(WORK TO BE COMPLETED)
Below are the entries; give again exactly the lines from the one mentioning "Section InverseOfMmatrix." through the one mentioning "by rewrite Dik mulrBr mulrDr; lra.", inclusive.

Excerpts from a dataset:
● ● ● ● ● ● ●

(* Let $G=(G_1,G_2,G_3)$ be a mean zero Gaussian vector whose covariance matrix $\Gamma$ is strictly positive definite and irreducible, with $\Gamma^{-1}$ an $M$-matrix, and suppose $\Gamma_{i,j}\le\Gamma_{i,i}\wedge\Gamma_{j,j}$ for all $i,j$. Let $D_i=\sum_k(\Gamma^{-1})_{i,k}$ and $\mathcal D=\{(i,j):D_iD_j<0\}$. Then the upper bound for the critical point of $G$ is non-zero: if $\mathcal D\neq\emptyset$, then $\inf_{(i,j)\in\mathcal D}\big((\Gamma^{-1})_{i,j}/(2D_iD_j)\big)^{1/2}>0$; equivalently, there is no $(i,j)\in\mathcal D$ with $(\Gamma^{-1})_{i,j}=0$. *)

From mathcomp Require Import all_boot all_order all_algebra.
From mathcomp Require Import reals.
Set Implicit Arguments. Unset Strict Implicit. Unset Printing Implicit Defensive.
Import Order.TTheory GRing.Theory Num.Theory.
Local Open Scope ring_scope.

Section Defs.
Variable R : realFieldType.

Definition posdef_mx n (A : 'M[R]_n) : Prop :=
  A^T = A /\ forall v : 'rV[R]_n, v != 0 -> 0 < (v *m A *m v^T) 0 0.

Definition irreducible_mx n (A : 'M[R]_n) : Prop :=
  forall S : {set 'I_n}, S != set0 -> S != setT ->
    exists i j, [/\ i \in S, j \notin S & A i j != 0].

Definition Mmatrix n (A : 'M[R]_n) : Prop :=
  [/\ A \in unitmx,
      (forall i j, i != j -> A i j <= 0)
    & (forall i j, 0 <= (invmx A) i j)].

Definition rowsum n (A : 'M[R]_n) (i : 'I_n) : R := \sum_(k < n) A i k.
End Defs.

From mathcomp Require Import all_boot all_order all_algebra.
From mathcomp Require Import reals.
From mathcomp Require Import lra.
Set Implicit Arguments. Unset Strict Implicit. Unset Printing Implicit Defensive.
Import Order.TTheory GRing.Theory Num.Theory.
Local Open Scope ring_scope.

(* Write A = Gamma^-1, so that A Gamma = 1, A is symmetric with nonpositive
   off-diagonal entries and Gamma >= 0. If A_ij = 0 for i <> j and k is the
   third index, row i of A is supported on {i, k}, and the (i, k) entry of
   A Gamma = 1 gives Gamma_kk D_i = A_ii (Gamma_kk - Gamma_ik) >= 0; likewise
   D_j >= 0, so (i, j) is not in the set D. Hence A_ij < 0 on D, so every
   ratio in the (finite) infimum is positive. *)

Lemma exists_pos_lbound (R : realDomainType) (T : finType) (P : pred T)
    (f : T -> R) :
  (forall x, P x -> 0 < f x) -> exists2 c, 0 < c & forall x, P x -> c <= f x.
Proof.
move=> f_gt0; exists (\big[Order.min/1]_(x | P x) f x).
  by apply/Order.TotalTheory.bigmin_gtP.
by move=> x Px; apply: Order.TotalTheory.bigmin_le_cond.
Qed.

Lemma sum_on_pair (R : nmodType) n (F : 'I_n -> R) (i k : 'I_n) :
  i != k -> (forall m, m != i -> m != k -> F m = 0) ->
  \sum_m F m = F i + F k.
Proof.
move=> nik F0; rewrite (bigD1 i) // (bigD1 k) 1?eq_sym //= big1 ?addr0 //.
by move=> m /andP[mi mk]; apply: F0.
Qed.

Section InverseOfMmatrix.
Variables (R : realFieldType) (n : nat) (A G : 'M[R]_n).
Hypotheses (AG : A *m G = 1%:M) (A_offdiag_le0 : forall i j, i != j -> A i j <= 0)
  (G_ge0 : forall i j, 0 <= G i j).

Lemma diag_mul_ge1 i : 1 <= A i i * G i i.
Proof.
have : (A *m G) i i = 1 by rewrite AG mxE eqxx.
rewrite mxE (bigD1 i) //= => /(canRL (addrK _)) ->.
rewrite lerDl oppr_ge0 sumr_le0 // => m mi.
by rewrite mulr_le0_ge0 // A_offdiag_le0 // eq_sym.
Qed.

Lemma diag_gt0_left i : 0 < A i i.
Proof.
have := diag_mul_ge1 i; apply: contraTT; rewrite -leNgt => Aii_le0.
by rewrite -ltNge (le_lt_trans (mulr_le0_ge0 Aii_le0 (G_ge0 i i))) ?ltr01.
Qed.

Lemma diag_gt0_right i : 0 < G i i.
Proof.
rewrite lt_def G_ge0 andbT; apply: contraTneq (diag_mul_ge1 i) => ->.
by rewrite mulr0 ler10.
Qed.

Lemma rowsum_ge0_of_pair_support i k :
  i != k -> (forall m, m != i -> m != k -> A i m = 0) -> G i k <= G k k ->
  0 <= rowsum A i.
Proof.
move=> nik row_i Gik_le.
have Dik : rowsum A i = A i i + A i k by apply: sum_on_pair.
have AGik : A i i * G i k + A i k * G k k = 0.
  have : (A *m G) i k = 0 by rewrite AG mxE (negbTE nik).
  rewrite mxE (sum_on_pair nik) // => m mi mk.
  by rewrite row_i // mul0r.
have key : G k k * rowsum A i = A i i * (G k k - G i k).
  by rewrite Dik mulrBr mulrDr; lra.
rewrite -(pmulr_rge0 _ (diag_gt0_right k)) key.
by rewrite mulr_ge0 ?subr_ge0 // ltW // diag_gt0_left.
Qed.

End InverseOfMmatrix.

Lemma ord3_third (i j : 'I_3) : exists2 k : 'I_3, i != k & j != k.
Proof.
case: (pickP [pred k | (k != i) && (k != j)]) => [k /andP[ki kj] | none].
  by exists k; rewrite eq_sym.
have : (#|'I_3| <= #|[set i; j]|)%N.
  apply/subset_leq_card/subsetP => k _.
  by move/negbT: (none k); rewrite !inE negb_and !negbK.
by rewrite card_ord cards2; case: (i != j).
Qed.

Lemma ord3_other (i j k m : 'I_3) :
  i != j -> i != k -> j != k -> m != i -> m != k -> m = j.
Proof.
by case: i j k m => [[|[|[|?]]] ?] [[|[|[|?]]] ?] [[|[|[|?]]] ?] [[|[|[|?]]] ?] //= *; apply/val_inj.
Qed.

Lemma rowsum_mul_ge0_of_offdiag_eq0 (R : realFieldType) (A G : 'M[R]_3) i j :
  A *m G = 1%:M -> A^T = A -> (forall a b, a != b -> A a b <= 0) ->
  (forall a b, 0 <= G a b) -> (forall a b, G a b <= G b b) ->
  i != j -> A i j = 0 -> 0 <= rowsum A i * rowsum A j.
Proof.
move=> AG AT offA G_ge0 G_le_diag ij Aij.
have [k ik jk] := ord3_third i j.
have Aji : A j i = 0 by rewrite -[A]AT mxE.
apply: mulr_ge0.
- apply: (rowsum_ge0_of_pair_support AG offA G_ge0 ik _ (G_le_diag i k)).
  by move=> m mi mk; rewrite (ord3_other ij ik jk mi mk).
- apply: (rowsum_ge0_of_pair_support AG offA G_ge0 jk _ (G_le_diag j k)).
  rewrite eq_sym in ij.
  by move=> m mj mk; rewrite (ord3_other ij jk ik mj mk).
Qed.

Theorem corollary7p1 (R : realType) (Gamma : 'M[R]_3) :
  posdef_mx Gamma ->
  irreducible_mx Gamma ->
  Mmatrix (invmx Gamma) ->
  (forall i j, Gamma i j <= Num.min (Gamma i i) (Gamma j j)) ->
  exists2 c : R, 0 < c &
    forall i j : 'I_3,
      rowsum (invmx Gamma) i * rowsum (invmx Gamma) j < 0 ->
      c <= Num.sqrt ((invmx Gamma) i j /
                     (2 * (rowsum (invmx Gamma) i * rowsum (invmx Gamma) j))).
Proof.
move=> [GammaT _] _ [Au offA invA_ge0] Gamma_le_min.
have Gu : Gamma \in unitmx by rewrite -unitmx_inv.
set A := invmx Gamma in Au offA invA_ge0 *.
have Gamma_ge0 : forall i j, 0 <= Gamma i j by rewrite /A invmxK in invA_ge0.
have AG : A *m Gamma = 1%:M := mulVmx Gu.
have AT : A^T = A by rewrite /A trmx_inv GammaT.
have Gamma_le_diag i j : Gamma i j <= Gamma j j.
  by have := Gamma_le_min i j; rewrite le_min => /andP[].
have /exists_pos_lbound[c c_gt0 c_le] : forall p : 'I_3 * 'I_3,
    rowsum A p.1 * rowsum A p.2 < 0 ->
    0 < Num.sqrt (A p.1 p.2 / (2 * (rowsum A p.1 * rowsum A p.2))).
  move=> [a b] /= D_ab_lt0; rewrite sqrtr_gt0.
  have ab : a != b by apply: contraTneq D_ab_lt0 => ->; rewrite -leNgt -expr2 sqr_ge0.
  have Aab_lt0 : A a b < 0.
    rewrite lt_neqAle offA // andbT; apply: contraTneq D_ab_lt0 => Aab.
    by rewrite -leNgt (rowsum_mul_ge0_of_offdiag_eq0 AG AT offA Gamma_ge0 Gamma_le_diag ab Aab).
  by rewrite -mulrNN -invrN divr_gt0 ?oppr_gt0 // pmulr_rlt0.
by exists c => // i j; apply: (c_le (i, j)).
Qed.
Lemma star_subinvariant (j : 'I_n) :
  \sum_(i < n) star_w i * (star_edge a k i j)%:R < s * star_w j.
Proof.
have j_lt := ltn_ord j.
case: (ltnP j 1) => [j_lt1|j_ge1].
  have -> : star_w j = s * (2 * a%:R + 4 * k%:R) by blockw_eval.
  rewrite (@sum_mul_two_intervals _ star_w (star_edge a k ^~ j) _
             2 a (4 * a%:R + 7 * k%:R) (a + 2) (2 * k) (4 * a%:R + 8 * k%:R));
    try lia; try by move=> ? ?; blockw_eval.
  - by case: star_ineqs => ? _ _ _; rewrite natrM; lra.
  - by move=> i; rewrite /star_edge glued_edge_part2 //; apply/idP/idP; lia.
case: (ltnP j 2) => [j_lt2|j_ge2].
  have -> : star_w j = s * (2 * a%:R + 2 * k%:R) by blockw_eval.
  rewrite (@sum_mul_two_intervals _ star_w (star_edge a k ^~ j) _
             2 a (4 * a%:R + 7 * k%:R) (a + 2) 0 (4 * a%:R + 8 * k%:R));
    try lia; try by move=> ? ?; blockw_eval.
  - by case: star_ineqs => _ ? _ _; lra.
  - by move=> i; rewrite /star_edge glued_edge_part2 //; apply/idP/idP; lia.
case: (ltnP j (a + 2)) => [j_lta|j_gea].
  have -> : star_w j = 4 * a%:R + 7 * k%:R by blockw_eval.
  rewrite (@sum_mul_two_intervals _ star_w (star_edge a k ^~ j) _
             0 1 (s * (2 * a%:R + 4 * k%:R)) 1 1 (s * (2 * a%:R + 2 * k%:R)));
    try lia; try by move=> ? ?; blockw_eval.
  - by case: star_ineqs => _ _ ? _; lra.
  - by move=> i; rewrite /star_edge glued_edge_parta; apply/idP/idP; lia.
have [|p p_leaf Np] := @glued_edge_leaf a k 0 j _ j_gea j_lt; first lia.
have -> : star_w j = 4 * a%:R + 8 * k%:R by blockw_eval.
rewrite (@sum_mul_two_intervals _ star_w (star_edge a k ^~ j) _
           0 1 (s * (2 * a%:R + 4 * k%:R)) p 1 (4 * a%:R + 8 * k%:R));
  try lia; try by move=> ? ?; blockw_eval.
- by case: star_ineqs => _ _ _ ?; lra.
- by move=> i; rewrite /star_edge Np; apply/idP/idP; lia.
Qed.

End Subinvariance.

Theorem lemma2p6 (R : realType) (n a : nat) :
  (6 <= n)%N -> (2 <= a)%N -> odd n = odd a ->
  let k := ((n - a - 2) %/ 2)%N in (1 <= k)%N ->
  spectral_radius (adj_mx R n (bullet_edge a k)) < Num.sqrt ((2 * n - 4)%:R) /\
  spectral_radius (adj_mx R n (star_edge a k)) < Num.sqrt ((2 * n - 4)%:R).
Proof.
move=> n_ge6 a_ge2 n_a_parity k k_ge1.
have n_eq : n = (a + 2 * k + 2)%N by rewrite /k; lia.
clearbody k; subst n.
set s := Num.sqrt _.
have s_gt0 : 0 < s by rewrite sqrtr_gt0 ltr0n; lia.
have s_sqr : s ^+ 2 = 2 * a%:R + 4 * k%:R.
  rewrite sqr_sqrtr ?ler0n // (_ : (2 * _ - 4 = 2 * a + 4 * k)%N); last by lia.
  by rewrite natrD !natrM.
split.
- apply: (adj_spectral_radius_lt s_gt0 _ (bullet_subinvariant a_ge2 k_ge1 s_gt0 s_sqr)).
  by move=> i; apply: bullet_weight_gt0.
- apply: (adj_spectral_radius_lt s_gt0 _ (star_subinvariant a_ge2 k_ge1 s_gt0 s_sqr)).
  by move=> i; apply: star_weight_gt0.
Qed.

● ● ● ● ● ● ●

(EXERCISE SOLUTION)
Section InverseOfMmatrix.
Variables (R : realFieldType) (n : nat) (A G : 'M[R]_n).
Hypotheses (AG : A *m G = 1%:M) (A_offdiag_le0 : forall i j, i != j -> A i j <= 0)
  (G_ge0 : forall i j, 0 <= G i j).

Lemma diag_mul_ge1 i : 1 <= A i i * G i i.
Proof.
have : (A *m G) i i = 1 by rewrite AG mxE eqxx.
rewrite mxE (bigD1 i) //= => /(canRL (addrK _)) ->.
rewrite lerDl oppr_ge0 sumr_le0 // => m mi.
by rewrite mulr_le0_ge0 // A_offdiag_le0 // eq_sym.
Qed.

Lemma diag_gt0_left i : 0 < A i i.
Proof.
have := diag_mul_ge1 i; apply: contraTT; rewrite -leNgt => Aii_le0.
by rewrite -ltNge (le_lt_trans (mulr_le0_ge0 Aii_le0 (G_ge0 i i))) ?ltr01.
Qed.

Lemma diag_gt0_right i : 0 < G i i.
Proof.
rewrite lt_def G_ge0 andbT; apply: contraTneq (diag_mul_ge1 i) => ->.
by rewrite mulr0 ler10.
Qed.

Lemma rowsum_ge0_of_pair_support i k :
  i != k -> (forall m, m != i -> m != k -> A i m = 0) -> G i k <= G k k ->
  0 <= rowsum A i.
Proof.
move=> nik row_i Gik_le.
have Dik : rowsum A i = A i i + A i k by apply: sum_on_pair.
have AGik : A i i * G i k + A i k * G k k = 0.
  have : (A *m G) i k = 0 by rewrite AG mxE (negbTE nik).
  rewrite mxE (sum_on_pair nik) // => m mi mk.
  by rewrite row_i // mul0r.
have key : G k k * rowsum A i = A i i * (G k k - G i k).
  by rewrite Dik mulrBr mulrDr; lra.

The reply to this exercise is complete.